3.1. Patient Characteristics

Among all EGFR mutations detected, the distribution of variant types was consistent with published frequencies, with the S768I variant representing a small fraction of cases, in line with its reported frequency of approximately 1% of all EGFR mutations.
From all cases analyzed, six patients were identified in whom IdyllaTM detected the S768I variant of the EGFR gene. These cases were further analyzed using the IdyllaTM system in duplicate (Idylla1 and Idylla2) and NGS for detailed evaluation. Among these six patients, the mean age was 67.5 ± 6.08 years, with five males (M) and one female (F). Tumor histological types included large cell neuroendocrine carcinoma (n = 1), adenocarcinoma (n = 2), squamous cell carcinoma (n = 2), and unspecified lung neoplasm (n = 1). All patients were metastatic (stage IVa or IVb) (Table 1).

3.2. Performance of the IdyllaTM System Detection

As part of our routine molecular diagnostic workflow, all EGFR mutation results from IdyllaTM testing were cross-validated by NGS analysis. Prior to this systematic evaluation, our laboratory had no experience with S768I variant detection using the IdyllaTM system, as this technique was incorporated into our lab routine in June 2023. The concordance between IdyllaTM and NGS for other common EGFR mutations (such as exon 19 deletions and L858R) was high, with discrepancies primarily observed in S768I variant detection.
The IdyllaTM system identified a total of seven S768I alterations (seven in 2023 and one in 2024) in six samples analyzed in duplicate: five in the first analysis (Idylla1) and two in the replicates (Idylla2). Tissue samples (biopsies or cell blocks) were analyzed using the IdyllaTM system in duplicate (Idylla1 and Idylla2). For Idylla2 replicates, the same extracted DNA that was used for NGS sequencing was used due to either a lack of additional tissue sample or insufficient tumor representation in the remaining block (except for sample 107, where more material was available) (Table 2).
The Cq values for total EGFR (control) were relatively consistent between samples, being 24.6 ± 3.02 (range: 21.94–30.44) for Idylla1 and 22.46 ± 1.27 (range: 21.3–24.9) for Idylla2, suggesting similar DNA quantity in all samples and generally good for analysis, with only one value far from the mean (Sample 142-Cq 30.44). According to established LOD parameters, optimal detection sensitivity (2.5%) requires a minimum total EGFR Cq of 21.3. While some of our samples met this threshold, others showed higher Cq values, potentially affecting the reliability of mutation detection. The ΔCq values for samples called positive for S768I ranged from 5.24 to 9.71, with the confirmed true positive case (sample 107) showing the lowest ΔCq values.
During the study period, S768I amplification curves were observed in samples ultimately classified as negative. In these cases, while some amplification was detected, the curves typically showed normalized fluorescence values below 12 points. This pattern was consistently observed across negative samples, suggesting it may represent background amplification rather than true mutation detection. The amplification curves obtained by the IdyllaTM system for the detection of the EGFR gene S768I variant were analyzed in all samples. Figure 1 shows the results for the six samples analyzed.
In all samples, except for 142, the amplification of the S768I curve was observed when tissue was used, although with variations in its profile and Cq values. When repeating the test using extracted DNA, all gave negative results, except for sample 142. Sample 107 was repeated with a biopsy sample, as more material was available for analysis.
Although tumor cell content varied between samples (20% to 80%), there was no clear correlation between tumor cellularity and the occurrence of false positive results. Both high tumor content samples (e.g., sample 143 with 80%) and lower tumor content samples (e.g., sample 195 with 20%) showed discrepant results between Idylla and NGS, suggesting that variations in tumor content alone do not explain the observed discrepancies.

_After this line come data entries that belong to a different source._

Lemma lin_indep2_of_bform M K p y : M^T = M -> K^T = K ->
  bform M p y = 0 -> bform K p y != 0 -> M *m p != 0 ->
  lin_indep2 (M *m p) (K *m p).
Proof.
move=> sM sK My Ky Mp a b e.
have : vdot y (a *: (M *m p) + b *: (K *m p)) = 0 by rewrite e vdot0r.
rewrite vdotDr !vdotZr -!bformE (bformC y p sM) (bformC y p sK) My mulr0 add0r.
move=> /eqP; rewrite mulf_eq0 (negPf Ky) orbF => /eqP b0; subst b.
by move/eqP: e; rewrite scale0r addr0 scaler_eq0 (negPf Mp) orbF => /eqP.
Qed.

Lemma exists_transversal_of_kernel M K u v x : M^T = M -> K^T = K ->
  0 < qform M u -> qform M v < 0 ->
  M *m x = 0 -> qform K x = 0 -> K *m x != 0 ->
  exists p, transversal_at M K p.
Proof.
move=> sM sK hu hv Mx Kx0 Kx.
have [w [Mw0 Mw Kxw]] := exists_isotropic_off_hyperplane sM hu hv Kx.
have b0 : bform K x w != 0 by rewrite bform_mull.
exists (cone_secant K x w); split.
- by rewrite qform_comb // Mw0 (qformE M x) !(bform_kerl _ sM Mx); ring.
- exact: qform_cone_secant.
- apply: (lin_indep2_of_bform (y := x)) => //.
  + exact: bform_kerr.
  + exact: bform_cone_secant_neq0.
  + rewrite mulmxDr -!scalemxAr Mx scaler0 add0r scaler_eq0 negb_or Mw andbT.
    by rewrite mulf_neq0 ?oppr_eq0 ?pnatr_eq0.
Qed.

Lemma transversal_at_rot C D a b p :
  ~ (a = 0 /\ b = 0) -> transversal_at (a *: C + b *: D) (- b *: C + a *: D) p ->
  transversal_at C D p.
Proof.
move=> ab []; rewrite !qform_pencil !mulmx_pencil => e1 e2 ind.
have [Cp Dp] := @rot_eq0 R R^o a b _ _ ab e1 e2.
by split => //; apply: lin_indep2_rot ind.
Qed.

Lemma exists_transversal C D x :
  C^T = C -> D^T = D -> indefinite_pencil C D ->
  common_isotropic C D x -> exists p, transversal_at C D p.
Proof.
move=> sC sD nd [Cx Dx nz].
have [ind|dep] := classic (lin_indep2 (C *m x) (D *m x)); first by exists x.
have [a [b [e ab]]] : exists a b : R,
    a *: (C *m x) + b *: (D *m x) = 0 /\ ~ (a = 0 /\ b = 0).
  apply: NNPP => H; apply: dep => a b e; apply: NNPP => ab.
  by apply: H; exists a, b.
set M := a *: C + b *: D; set K := - b *: C + a *: D.
have Mx : M *m x = 0 by rewrite mulmx_pencil.
have Kx0 : qform K x = 0 by rewrite qform_pencil Cx Dx; ring.
have Kx : K *m x != 0.
  rewrite mulmx_pencil; apply/eqP => Kx.
  by have [C0 D0] := rot_eq0 ab e Kx; move: nz; rewrite C0 D0 eqxx.
have nab : ~ (- a = 0 /\ - b = 0).
  by case=> /eqP + /eqP; rewrite !oppr_eq0 => /eqP a0 /eqP b0; apply: ab.
have [u hu] := indefinite_pencil_lt0 nd nab.
have [v hv] := indefinite_pencil_lt0 nd ab.
have sM : M^T = M by apply: pencil_sym.
have sK : K^T = K by apply: pencil_sym.
have hu' : 0 < qform M u by rewrite qform_pencil; lra.
have hv' : qform M v < 0 by rewrite qform_pencil.
have [p Hp] := exists_transversal_of_kernel sM sK hu' hv' Mx Kx0 Kx.
by exists p; apply: transversal_at_rot ab Hp.
Qed.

3.3. Comparison with NGS Results

Concerning NGS sequencing, all samples were analyzed using the Ion GeneStudio™ S5 System sequencer and the OFA panel, except for sample 195, which was analyzed using the Ion Torrent™ Genexus™ System platform and the OPA panel. The DNA concentration of the samples for NGS use ranged between 1.02 ng/μL and 19.4 ng/μL. NGS detected only one S768I alteration in the same analyzed samples (Table 3).
To better visualize the concordance between methods, a direct comparison of results obtained by both Idylla runs and NGS is presented in Table 4.
A low ΔCq could suggest a higher relative abundance of the S768I variant, although this should be interpreted with caution given that most of these detections turned out to be false positives in the NGS validation. The only sample in which both IdyllaTM and NGS detected the S768I variant corresponded to sample 132.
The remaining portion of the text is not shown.